Apesar do medo, ela mandou mensagens para a amiga contando que o funcionário “havia passado a mão nela”. A moça visualizou a conversa apenas de manhã, mas na mesma hora disse ter “certeza” que era o mesmo homem que havia tentado impedi-la de acompanhar a vítima.
“Ela falou: Eu tô indo com a polícia aí. E até então eu não tinha saído do quarto. Eu só saí quando eles chegaram, quando a polícia chegou. Eu comecei a chorar, porque eu nunca tinha passado por uma situação dessa, eu tava completamente confusa e com medo, porque até então eu não tinha identificado o que aquilo significava. Por que a gente pensa que estupro é só realmente quando houve penetração. Aí o policial falou pra mim: Isso que você sofreu foi estupro. E eu fiquei muito confusa”, explicou.

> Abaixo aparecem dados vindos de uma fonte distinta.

Lemma is_lim_seq_inv_INR_add d : is_lim_seq (fun n => / (INR n + d)) 0.
Proof.
  replace (Finite 0) with (Rbar_inv p_infty) by reflexivity.
  apply is_lim_seq_inv; [apply is_lim_seq_INR_add | discriminate].
Qed.

Lemma is_lim_seq_INR_add_ratio a b : is_lim_seq (fun n => (INR n + a) / (INR n + b)) 1.
Proof.
  pose proof (is_lim_seq_plus' _ _ _ _ (is_lim_seq_const 1)
    (is_lim_seq_mult' _ _ _ _ (is_lim_seq_const (a - b)) (is_lim_seq_inv_INR_add b))) as H.
  rewrite Rmult_0_r, Rplus_0_r in H.
  apply is_lim_seq_ext_loc with (2 := H).
  destruct (INR_unbounded (- b)) as [N HN]. exists N. intros n Hn.
  assert (INR N <= INR n) by (apply le_INR; exact Hn).
  field. lra.
Qed.

Lemma is_lim_seq_Rpower_1 (u : nat -> R) c :
  is_lim_seq u 1 -> is_lim_seq (fun n => Rpower (u n) c) 1.
Proof.
  intro H.
  assert (C : continuity_pt (fun z => Rpower z c) 1).
  { apply continuity_pt_filterlim, (ex_derive_continuous (V := R_NormedModule) (fun z => Rpower z c)).
    unfold Rpower. auto_derive. lra. }
  pose proof (is_lim_seq_continuous (fun z => Rpower z c) u 1 C H) as K.
  unfold Rpower at 2 in K. rewrite ln_1, Rmult_0_r, exp_0 in K. exact K.
Qed.
(* Let $r$ be a positive integer and $k,a\in\mathbb{K}$. Then $$\frac{d^{r+1}}{dx^{r+1}}\left[x^r\left(\frac{x}{x-a}\right)^k\right]=(-a)^{r+1}k^{(r+1)}\frac{x^{k-1}}{(x-a)^{k+r+1}}.$$
   Context: $\mathbb{K}\in\{\mathbb{Q},\mathbb{R},\mathbb{C}\}$. $k^{(n)}=k(k+1)\cdots(k+n-1)$ is the rising Pochhammer symbol. The identity is understood in formal Laurent series in $x^{-1}$: $\left(\frac{x}{x-a}\right)^k:=(1-a/x)^{-k}=\sum_{i\ge0}\binom{-k}{i}(-a/x)^i$ (binomial series), and $\frac{x^{k-1}}{(x-a)^{k+r+1}}:=x^{-r-2}(1-a/x)^{-k-r-1}$, with termwise differentiation. *)

From mathcomp Require Import all_boot all_order all_algebra.
Set Implicit Arguments. Unset Strict Implicit. Unset Printing Implicit Defensive.
Import Order.TTheory GRing.Theory Num.Theory.
Local Open Scope ring_scope.

(* A formal Laurent series in x^{-1} (finitely many positive powers of x) is
   represented by its coefficient function: f n = coefficient of x^n, n : int. *)
Definition lseries (K : Type) := int -> K.

Definition gbinom (K : fieldType) (c : K) (i : nat) : K :=
  (\prod_(j < i) (c - j%:R)) / (i`!)%:R.

Definition rising (K : ringType) (k : K) (n : nat) : K :=
  \prod_(j < n) (k + j%:R).

(* The series x^s * (1 - a/x)^e := sum_{i>=0} binom(e,i) (-a/x)^i x^s
   (binomial series); coefficient of x^n is binom(e, s-n) (-a)^(s-n) for n <= s. *)
Definition xpow_binser (K : fieldType) (s : int) (e a : K) : lseries K :=
  fun n => match (s - n)%R with
           | Posz i => gbinom e i * (- a) ^+ i
           | Negz _ => 0
           end.

Definition lderiv (K : ringType) (f : lseries K) : lseries K :=
  fun n => (n + 1)%:~R * f (n + 1).

Definition lscale (K : ringType) (c : K) (f : lseries K) : lseries K :=
  fun n => c * f n.

(** Differentiating [x^m] [r+1] times multiplies it by [m (m-1) ... (m-r)],
    which vanishes for [0 <= m <= r] and equals [(-1)^(r+1) (r+1+i)!/i!] for
    [m = -(i+1)]. So the series [x^r (1-a/x)^(-k)] loses its terms
    [x^r, ..., x^0], and its term [binom(-k, r+1+i) (-a)^(r+1+i) x^(-(i+1))]
    becomes [(-a)^(r+1) k^(r+1) binom(-k-r-1, i) (-a)^i x^(-(r+2+i))], because
    [binom(-c, j) = (-1)^j c^(j)/j!] and [k^(r+1+i) = k^(r+1) (k+r+1)^(i)]. *)
From mathcomp Require Import all_boot all_order all_algebra.
From mathcomp Require Import zify ring.
From Stdlib Require Import FunctionalExtensionality.
Import Order.TTheory GRing.Theory Num.Theory.
Local Open Scope ring_scope.

Lemma iter_lderivE (K : nzRingType) (m : nat) (f : lseries K) (n : int) :
  iter m (@lderiv K) f n = (\prod_(j < m) (n + j.+1)%:~R) * f (n + m).
Proof.
elim: m n => [|m IH] n; first by rewrite big_ord0 mul1r addr0.
rewrite iterS /lderiv IH big_ord_recl mulrA; congr (_ * _ * _).
- by apply: eq_bigr => j _; congr _%:~R; rewrite lift0 /=; lia.
- by congr f; lia.
Qed.

Lemma prod_Negz_addS (K : comPzRingType) (p m : nat) :
  \prod_(j < m) ((Negz p + j.+1)%:~R : K) = (-1) ^+ m * (p ^_ m)%:R.
Proof.
have [ltpm | lemp] := ltnP p m.
  rewrite ffact_small // mulr0 (bigD1 (Ordinal ltpm)) //=.
  have -> : Negz p + p.+1 = 0 by rewrite NegzE; lia.
  by rewrite mul0r.
rewrite ffact_prod natr_prod -[m in (-1) ^+ m]card_ord -prodrN.
apply: eq_bigr => j _; have ltjm := ltn_ord j.
have -> : Negz p + j.+1 = - Posz (p - j) by rewrite NegzE; lia.
by rewrite mulrNz.
Qed.

Lemma gbinomN (K : fieldType) (c : K) (j : nat) :
  gbinom (- c) j = (-1) ^+ j * rising c j / (j`!)%:R.
Proof.
rewrite /gbinom /rising -[j in (-1) ^+ j]card_ord -prodrN.
by congr (_ / _); apply: eq_bigr => u _; rewrite opprD.
Qed.

Lemma risingD (K : nzRingType) (c : K) (m i : nat) :
  rising c (m + i) = rising c m * rising (c + m%:R) i.
Proof.
rewrite /rising big_split_ord /=; congr (_ * _).
by apply: eq_bigr => j _; rewrite natrD addrA.
Qed.

Lemma xpow_binserE (K : fieldType) (s : int) (e a : K) (i : nat) :
  xpow_binser s e a (s - Posz i) = gbinom e i * (- a) ^+ i.
Proof. by rewrite /xpow_binser opprB addrC subrK. Qed.

Lemma xpow_binser_gt (K : fieldType) (s : int) (e a : K) (n : int) :
  s < n -> xpow_binser s e a n = 0.
Proof.
by rewrite /xpow_binser -subr_lt0; case: (s - n) => // i; rewrite ltNge lez_nat.
Qed.

Lemma iter_lderiv_xpow_binser (K : numFieldType) (r : nat) (k a : K) :
  iter r.+1 (@lderiv K) (xpow_binser (Posz r) (- k) a)
  = lscale ((- a) ^+ r.+1 * rising k r.+1)
      (xpow_binser (- (Posz r + 2)) (- (k + r%:R + 1)) a).
Proof.
apply: functional_extensionality => n; rewrite iter_lderivE /lscale.
case: n => [q | p].
  by rewrite !xpow_binser_gt ?mulr0 //; lia.
rewrite prod_Negz_addS.
have [ltpr | [i ->]] : (p < r.+1)%N \/ exists i, p = (r.+1 + i)%N.
- by case: (ltnP p r.+1) => hp; [left | right; exists (p - r.+1)%N; lia].
- rewrite ffact_small // mulr0 mul0r [in RHS]xpow_binser_gt ?mulr0 //.
  by rewrite NegzE; lia.
have -> : Negz (r.+1 + i) + r.+1 = Posz r - Posz (r.+1 + i) by rewrite NegzE; lia.
have -> : Negz (r.+1 + i) = - (Posz r + 2) - Posz i by rewrite NegzE; lia.
rewrite !xpow_binserE !gbinomN risingD.
have -> : k + r%:R + 1 = k + r.+1%:R by rewrite mulrSr addrA.
have fact_neq0 q : (q`!)%:R != 0 :> K by rewrite pnatr_eq0 -lt0n fact_gt0.
have ffactE : ((r.+1 + i) ^_ r.+1)%:R = ((r.+1 + i)`!)%:R / (i`!)%:R :> K.
  by rewrite -(ffact_fact (leq_addr i r.+1)) addKn natrM mulfK.
(* The two signs [(-1)^(r+1)] cancel; [field] sees this only through [sqrr_sign]. *)
rewrite ffactE !exprD -[RHS]mul1r -[X in _ = X * _](sqrr_sign K r.+1).
by field; rewrite !fact_neq0.
Qed.

Theorem lemma4p5 (K : numFieldType) (r : nat) (hr : (0 < r)%N) (k a : K) :
  iter r.+1 (@lderiv K) (xpow_binser (Posz r) (- k) a)
  = lscale ((- a) ^+ r.+1 * rising k r.+1)
      (xpow_binser (- (Posz r + 2)) (- (k + r%:R + 1)) a).
Proof. exact: iter_lderiv_xpow_binser. Qed.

“Foi fundamental a minha colega, porque ela tinha um histórico na família dela de estupro de vulnerável, então ela falou assim: ‘Você sofreu um abuso, você não pode não denunciar’. Então ela foi a pessoa que me incentivou, porque eu falei pra ela: ‘Amiga, eu só quero pegar as minhas coisas e ir embora daqui’, porque eu tava em pânico, mas aí os policiais também: ‘Não, vamos lá, vamos ver as câmeras’. Seguraram a minha mão e falaram: ‘Não desiste e vai até o fim'”, relembrou Ana.
A promotora Gabriela Manssur, convidada do “Encontro”, elogiou a postura da vítima e dos policiais que atenderam a ocorrência, e defendeu a desconstrução de conceitos errados sobre o que configura estupro.

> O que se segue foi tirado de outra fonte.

Lemma mul_npow k y : mul (p k) y = iter k (mul c) y.
Proof.
(* The induction also needs c^k c = c^(k+1). *)
move: y; suff [] : mul (p k) c = p k.+1 /\ forall y, mul (p k) y = iter k (mul c) y by [].
elim: k => [|k [IHc IHy]].
  by split=> [|y]; rewrite /npow /= mul1x // mulx1.
have IHy' y : mul (p k.+1) y = iter k.+1 (mul c) y.
  apply: natmul2_inj two_nz _ _ _; rewrite mulr2n.
  rewrite -[X in X + _ = _]/(mul (mul c (p k)) y) -IHc -mulDl.
  by rewrite LNalt_left_alternative_lin // !IHy -iterSr mulr2n.
by split=> //; rewrite IHy' -{2}[c]mulx1 -iterSr.
Qed.

Lemma npowS_mul k y : mul (p k.+1) y = mul c (mul (p k) y).
Proof. by rewrite !mul_npow. Qed.

Section CommutingPair.
Variable a : A.
Hypothesis Ha : in_LNalt mul a.
Hypothesis Hac : mul a c = mul c a.
Local Notation D := (Dop mul a c).

Lemma mulCA_Dop x : mul a (mul c x) = D x + mul c (mul a x).
Proof. by rewrite /Dop subrK. Qed.

Lemma Dop_assoc x : D x = - (assoc mul a c x *+ 2).
Proof. by rewrite mulr2n opprD -{1}(Hc a x) /assoc -Hac opprB addrC subrKA. Qed.

Lemma commutator_npow m :
  mul a (p m.+1) - mul (p m.+1) a = \sum_(i < m) mul (p i) (D (p (m - i))).
Proof.
elim: m => [|m IH]; first by rewrite big_ord0 npowS_mul /= mul1x mulx1 Hac subrr.
rewrite npowS_mul -[p m.+2]/(mul c (p m.+1)) mulCA_Dop -addrA -mulBr IH.
rewrite big_ord_recl mul1x subn0 mul_sumr; congr (_ + _).
by apply: eq_bigr => i _; rewrite lift0 subSS npowS_mul.
Qed.

Lemma npow_mul_commute m :
  mul (p m.+1) a = 2^-1 *: (mul a (p m.+1) + mul (p m.+1) a)
                   + \sum_(i < m) mul (p i) (assoc mul a c (p (m - i))).
Proof.
have hS : (\sum_(i < m) mul (p i) (assoc mul a c (p (m - i)))) *+ 2
          = mul (p m.+1) a - mul a (p m.+1).
  rewrite -sumrMnl -opprB commutator_npow -sumrN; apply: eq_bigr => i _.
  by rewrite Dop_assoc mulNr opprK mulMnr.
apply: natmul2_inj two_nz _ _ _; rewrite /= mulrnDl hS scalerMnl -mulr_natr mulVf //.
by rewrite scale1r mulr2n addrC subrKA.
Qed.

Lemma mul_c_ca y : mul (mul c (mul c a)) y = mul c (mul a (mul c y)).
Proof.
have mul_ca2 z : mul (mul c a) z *+ 2 = mul c (mul a z) + mul a (mul c z).
  by rewrite mulr2n -{2}Hac -mulDl LNalt_left_alternative_lin.
have alt_cc := LNalt_left_alternative_lin (mul c c) y Ha.
rewrite !(LNalt_left_alternative _ Hc) in alt_cc.
have mul_cac2 : mul (mul (mul c a) c) y *+ 2
                = mul a (mul c (mul c y)) + mul c (mul c (mul a y)).
  by rewrite -mulMnl mul_ca2 Hac addrC alt_cc.
apply: natmul2_inj two_nz _ _ _; apply: (addIr (mul (mul (mul c a) c) y *+ 2)).
rewrite /= -mulrnDl -mulDl LNalt_left_alternative_lin // mulrnDl (mul_ca2 (mul c y)).
rewrite -[mul c (mul (mul c a) y) *+ 2]mulMnr mul_ca2 mulDr mul_cac2.
by rewrite mulr2n [X in X + _ = _]addrC addrACA [X in _ + X = _]addrC.
Qed.

Lemma Dop_mull y : D (mul c y) = mul (D c) y + mul c (D y).
Proof.
have alt_cc := LNalt_left_alternative_lin (mul c c) y Ha.
rewrite !(LNalt_left_alternative _ Hc) mulDl mul_c_ca in alt_cc.
rewrite /Dop mulBl mulBr Hac mul_c_ca (canRL (addrK _) alt_cc).
by rewrite addrA subrK addrAC addrK.
Qed.

Section Derivation.
Variable delta : A -> A.
Hypothesis delta_mul : forall x y, delta (mul x y) = mul x (delta y) + mul (delta x) y.
Hypothesis delta_one : delta one = 0.
Hypothesis delta_c : delta c = D c.

Lemma delta_npow_mul k y : delta y = D y -> delta (mul (p k) y) = D (mul (p k) y).
Proof.
move=> hy; rewrite mul_npow; elim: k => //= k IH.
by rewrite delta_mul IH delta_c Dop_mull addrC.
Qed.

Lemma delta_npow k : delta (p k) = D (p k).
Proof. by rewrite -[p k]mulx1 delta_npow_mul // delta_one /Dop !mulx1 Hac subrr. Qed.

Variable b : A.
Hypothesis delta_b : delta b = D b.

Lemma Dop_npow_mul k : D (mul (p k) b) = mul (D (p k)) b + mul (p k) (D b).
Proof. by rewrite -delta_npow_mul // delta_mul delta_npow delta_b addrC. Qed.

Lemma commutator_npow_mul m :
  mul a (mul (p m.+1) b) - mul (p m.+1) (mul a b)
  = mul (p m) (D b) *+ m.+1 + \sum_(i < m) mul (p i) (mul (D (p (m - i))) b).
Proof.
elim: m => [|m IH]; first by rewrite big_ord0 addr0 !npowS_mul /= !mul1x.
rewrite !(npowS_mul m.+1) mulCA_Dop -addrA -mulBr IH Dop_npow_mul.
rewrite (mulDr _ _ c) (mulMnr _ c) -npowS_mul.
rewrite mul_sumr big_ord_recl mul1x subn0.
have -> : \sum_(i < m) mul c (mul (p i) (mul (D (p (m - i))) b))
        = \sum_(i < m) mul (p (lift ord0 i)) (mul (D (p (m.+1 - lift ord0 i))) b).
  by apply: eq_bigr => i _; rewrite lift0 subSS npowS_mul.
by rewrite [in RHS]mulrS [X in X + _ = _]addrC addrACA.
Qed.

Lemma assoc_npow m :
  assoc mul (p m.+1) a b
  = (m.+1%:R / 2) *: mul (p m) (D b)
    - 2^-1 *: \sum_(i < m) assoc mul (p i) (D (p (m - i))) b.
Proof.
have hsum : \sum_(i < m) assoc mul (p i) (D (p (m - i))) b
   = mul (\sum_(i < m) mul (p i) (D (p (m - i)))) b
     - \sum_(i < m) mul (p i) (mul (D (p (m - i))) b).
  by rewrite /assoc sumrB mul_suml.
apply: natmul2_inj two_nz _ _ _.
rewrite /= LNalt_assoc_double // commutator_npow_mul commutator_npow hsum.
rewrite mulrnBl !scalerMnl -mulr_natr divfK // -[2^-1 *+ 2]mulr_natr mulVf // scale1r scaler_nat.
by rewrite opprB addrA.
Qed.

End Derivation.
End CommutingPair.
End LNaltPowers.

Section DualNumbers.

(* [(x, x')] stands for [x + e x'] with [e] central and [e^2 = 0]. *)
Definition dual_mul (X Y : A * A) : A * A := (mul X.1 Y.1, mul X.1 Y.2 + mul X.2 Y.1).
Definition dual_one : A * A := (one, 0).

Lemma dual_ualg : is_ualg dual_mul dual_one.
Proof.
split.
- move=> Y k X X'; congr (_, _) => /=; first by rewrite mulDl mulZl.
  by rewrite !mulDl !mulZl scalerDr addrACA.
- move=> X k Y Y'; congr (_, _) => /=; first by rewrite mulDr mulZr.
  by rewrite !mulDr !mulZr scalerDr addrACA.
- by case=> x1 x2; rewrite /dual_mul /= !mul1x mul0l addr0.
- by case=> x1 x2; rewrite /dual_mul /= !mulx1 mul0r add0r.
Qed.

Lemma dual_assoc_snd X Y Z : (assoc dual_mul X Y Z).2
  = assoc mul X.1 Y.1 Z.2 + assoc mul X.1 Y.2 Z.1 + assoc mul X.2 Y.1 Z.1.
Proof.
rewrite /assoc /= !mulDl !mulDr !opprD.
by rewrite [LHS](AC ((1*2)*3) ((1*4)*(2*5)*(3*6))).
Qed.

Lemma dual_lnalt_tp_snd X Y Z : (lnalt_tp dual_mul X Y Z).2
  = lnalt_tp mul X.2 Y.1 Z.1 + lnalt_tp mul X.1 Y.2 Z.1 + lnalt_tp mul X.1 Y.1 Z.2.
Proof.
rewrite /lnalt_tp /= !mulDr !opprD.
by rewrite [LHS](AC (3*3*3*3) ((3*5*8*10)*(2*6*7*11)*(1*4*9*12))).
Qed.

End DualNumbers.
End UnitalAlgebra.

Section EnvelopingAlgebra.
Variables (K : fieldType) (T : lmodType K) (tp : T -> T -> T -> T).
Variables (A : lmodType K) (mul : A -> A -> A) (one : A) (iota : T -> A).
Hypothesis HT : is_lts tp.
Hypothesis HU : is_UEA tp mul one iota.

Lemma UEA_ualg : is_ualg mul one. Proof. by case: HU. Qed.
Lemma iota_hom : comm_lts_hom tp mul iota. Proof. by case: HU. Qed.
Lemma iota_LNalt t : in_LNalt mul (iota t). Proof. by case: iota_hom. Qed.
Lemma iota_commute u v : mul (iota u) (iota v) = mul (iota v) (iota u).
Proof. by case: iota_hom. Qed.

“O estupro no Brasil ele não é só a conjunção carnal, a penetração. Ele é a conjunção carnal e qualquer outro ato sexual, ato libidinoso, como por exemplo passar a mão nas partes íntimas, a masturbação, o sexo oral, o sexo anal, contra a vontade da vítima para satisfação do prazer de outra pessoa”, explicou.
“Nós precisamos desmistificar essa questão que acha que estupro é apenas a introdução do pênis na vagina”, afirmou a promotora.
Fábio Oliveira de Barros foi preso no dia seguinte ao crime e não trabalha mais no hotel. Seus advogados, em um comunicado ao programa da TV Globo, afirmaram que a prisão foi “ilegal”, já que ele foi detido em casa no dia seguinte, o que não configuraria flagrante.
Apesar de ainda ter que enfrentar o julgamento, Ana se diz mais “aliviada” apesar de ainda “ter um pouco de pânico” e destacou a importância do apoio que recebeu.
“Fiquei muito aliviada e eu quero ressaltar que realmente o trabalho da polícia e da imprensa que estava lá ajudou muito”, completou.